Слова гонца тяжело легли в спёртый воздух кельи. Отец Клемент долго смотрел на красную печать, и хотя лицо его оставалось неподвижным, в светлых глазах проступила такая усталость, будто он уже много лет ожидал этой вести и всё же надеялся, что она придёт после его смерти. Наконец настоятель коротко кивнул.
— Мы ждали, что день сей настанет. Писец будет готов — тот, что ведает истинную суть земли. Свет Трёх да хранит твой обратный путь.
Настоятель потянул за шнур колокольчика несколько резче, чем требовалось, и вскоре из соседней комнаты вошёл Тирион, стараясь не показать, что слышал разговор.
— Брат Тирион, — произнёс Клемент непривычно сухим голосом, напоминавшим звук камня, упавшего на лёд. Настоятель протянул ему запечатанный сверток. — Немедленно отнеси это брату Алаину. Без всяких промедлений. Воля государя не терпит отлагательств.
Сердце Тириона внезапно забилось чаще. Королевская воля! В этот миг ему казалось, что он сжимает в руках не просто кусок пергамента, а саму Судьбу, которая наконец-то вознаградит его брата за все труды.
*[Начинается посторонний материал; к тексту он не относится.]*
Lemma tensor_eq_map B C B' C' (phi : S -> S) l (F1 F2 G1 G2 : S * S -> S * S) :
    (forall (Mz : zmodType) (f : S -> S -> Mz),
       balanced B' C' f -> balanced B C (fun a b => f (phi a) (phi b))) ->
    {in l, forall p, G1 p = (phi (F1 p).1, phi (F1 p).2)} ->
    {in l, forall p, G2 p = (phi (F2 p).1, phi (F2 p).2)} ->
  tensor_eq B C (map F1 l) (map F2 l) -> tensor_eq B' C' (map G1 l) (map G2 l).
Proof.
move=> hphi h1 h2 E Mz f hf; have := E Mz _ (hphi Mz f hf); rewrite !big_map => E'.
rewrite (eq_big_seq (fun p => f (phi (F1 p).1) (phi (F1 p).2))) => [|p /h1 -> //].
by rewrite E'; apply: eq_big_seq => p /h2 ->.
Qed.

Lemma tensor_eq_flatten (I : eqType) B C (r : seq I) (l1 l2 : I -> seq (S * S)) :
    {in r, forall i, tensor_eq B C (l1 i) (l2 i)} ->
  tensor_eq B C (flatten (map l1 r)) (flatten (map l2 r)).
Proof.
move=> E Mz f hf; rewrite !big_flatten !big_map.
by apply: eq_big_seq => i /E ->.
Qed.

End Separable.

Lemma same_ideal_idem_eq (R : comPzRingType) (f f' : R) :
  f * f = f -> f' * f' = f' -> same_ideal f f' -> f = f'.
Proof.
move=> idf idf' ff'.
have ef : f * f' = f by apply/(ff' f).1.
have ef' : f' * f = f' by apply/(ff' f').2.
by rewrite -ef mulrC ef'.
Qed.

Section PartialAction.
Variables (G : groupoid) (S : comPzRingType).
Variables (e : gd_mor G -> S) (alpha : gd_mor G -> S -> S).
Hypothesis upa : unital_partial_action e alpha.
Implicit Types (g h k m : gd_mor G) (x y z w : gd_obj G) (a b c : S).
Local Notation s := (@gd_s G).
Local Notation t := (@gd_t G).
Local Notation ginv := (@gd_inv G).
Local Notation gmul := (@gd_mul G).
Local Notation one x := (e (gd_id x)).
(** The exchange matrix over all of J, not only its mutable columns, is
    unimodular over Z.  Write each C_c in the basis of bridges: sweeping the
    disk D_c only crosses bridges b_e with e < c, so the coefficient matrix C
    of the cycles is unitriangular.  The pairing of two chains is a sum of
    local contributions at the bridge endpoints; these assemble into the
    bilinear form -x Q y^T with Q = (1 + L_+^T)(1 + L_-), where L_+ and L_-
    are strictly upper triangular (the strand links of the bridges with a
    positive, resp. negative, letter).  Hence (b_{c,d})_{c,d in J} = -C Q C^T
    has determinant 1. *)
From mathcomp Require Import all_boot all_order all_algebra all_fingroup.
From mathcomp Require Import ring.
Import GRing.Theory Num.Theory.
Set Implicit Arguments.
Unset Strict Implicit.
Local Open Scope ring_scope.

Lemma det_unitrig (R : comPzRingType) k (A : 'M[R]_k) :
  is_trig_mx A -> (forall i, A i i = 1) -> \det A = 1.
Proof. by move=> trigA diagA; rewrite det_trig // big1. Qed.

Lemma pick_distinct_pair (T : finType) (P Q : pred T) :
  (exists a, P a) -> (exists b, Q b) -> (forall a, P a -> ~~ Q a) ->
  exists D D', match [pick a | P a], [pick b | Q b] with
               | Some D, Some D' => Some (D, D')
               | _, _ => None
               end = Some (D, D') /\ D != D'.
Proof.
move=> [a Pa] [b Qb] PnQ.
case: pickP => [D PD | /(_ a)]; last by rewrite Pa.
case: pickP => [D' QD' | /(_ b)]; last by rewrite Qb.
by exists D, D'; split=> //; apply: contraNneq (PnQ _ PD) => ->.
Qed.

Section ExchangeMatrix.

Variables (n : nat) (u : {perm 'I_n}) (beta : seq int).

Local Notation J := (Jset n u beta).
Local Notation k := (size J).

Lemma Jset_sorted : sorted ltn J.
Proof. exact/sorted_filter/iota_ltn_sorted/ltn_trans. Qed.

Lemma Jset_uniq : uniq J.
Proof. exact/filter_uniq/iota_uniq. Qed.

Lemma Jset_bounds c : c \in J -> (0 < c <= size beta)%N.
Proof. by rewrite mem_filter mem_iota add1n ltnS => /andP[]. Qed.

Definition Jnth (i : 'I_k) : nat := nth 0%N J i.

Lemma Jnth_mem i : Jnth i \in J.
Proof. exact: mem_nth. Qed.

Lemma Jnth_gt0 i : (0 < Jnth i)%N.
Proof. by case/andP: (Jset_bounds (Jnth_mem i)). Qed.

Lemma ltn_Jnth i j : (Jnth i < Jnth j)%N = (i < j)%N.
Proof.
have mono := sorted_ltn_nth ltn_trans 0%N Jset_sorted.
case: (ltngtP i j) => [ij | ji | ij]; first by apply: mono; rewrite ?inE.
  by apply/negbTE; rewrite -leqNgt ltnW //; apply: mono; rewrite ?inE.
by rewrite /Jnth ij ltnn.
Qed.

Lemma leq_Jnth i j : (Jnth i <= Jnth j)%N = (i <= j)%N.
Proof. by rewrite leqNgt ltn_Jnth -leqNgt. Qed.

Lemma big_Jset (P : pred nat) (F : nat -> int) :
  \sum_(c <- J | P c) F c = \sum_(i < k | P (Jnth i)) F (Jnth i).
Proof. by rewrite (big_nth 0%N) big_mkord. Qed.

Definition Jrow (x : nat -> int) : 'rV[int]_k := \row_i x (Jnth i).

Definition Jfun (r : 'rV[int]_k) (c : nat) : int :=
  if insub (index c J) is Some i then r 0 i else 0.

Lemma Jfun_nth r i : Jfun r (Jnth i) = r 0 i.
Proof. by rewrite /Jfun /Jnth index_uniq ?Jset_uniq // valK. Qed.

Lemma sweep_dels_gt r mc e : (r < e)%N -> (sweep n u beta r mc).2 e = 0%N.
Proof.
elim: r mc => [//|r IHr] mc /= lt_re.
case: (sweep_step n u beta r.+1 mc) => mc1 dels1.
have := IHr mc1 (ltnW lt_re).
case: (sweep n u beta r mc1) => fin dels /= ->.
by rewrite gtn_eqF.
Qed.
Тирион почти бежал по длинному, погруженному в густую тьму коридору. Он отворил дверь в их общую келью без стука, готовый выпалить радостную весть. Но слова застряли у него в горле.
Алаин стоял спиной к двери, низко склонившись над медным тазом для умывания. Его плечи, ещё недавно казавшиеся Тириону такими надёжными, судорожно вздрагивали от глухого, захлёбывающегося кашля, который шёл из самой глубины груди и с каждым приступом будто отнимал у него силы. В тусклом свете огарка Тирион увидел, как брат с трудом выпрямился и поднес ко рту смятый платок.
Когда Алаин отнял платок от губ, на грубом белом холсте проступило влажное алое пятно, и Тирион так и остался стоять на пороге, чувствуя, как ещё недавно лёгкий и драгоценный свиток наливается в его руке тяжестью.
Несколько мгновений назад королевская печать казалась ему знаком признания, обещанием большой дороги и заслуженной награды для человека, который всю жизнь прокладывал чужие пути.
Теперь он смотрел на сгорбленную фигуру брата, на платок, поспешно сжатый в кулаке, и впервые не мог заставить себя сделать следующий шаг.
За стенами кельи всё оставалось прежним. Где-то в глубине монастыря звонил колокол, созывая братьев к молитве. Сквозняк едва заметно колыхал пламя огарка. В коридоре послышались чьи-то удаляющиеся шаги.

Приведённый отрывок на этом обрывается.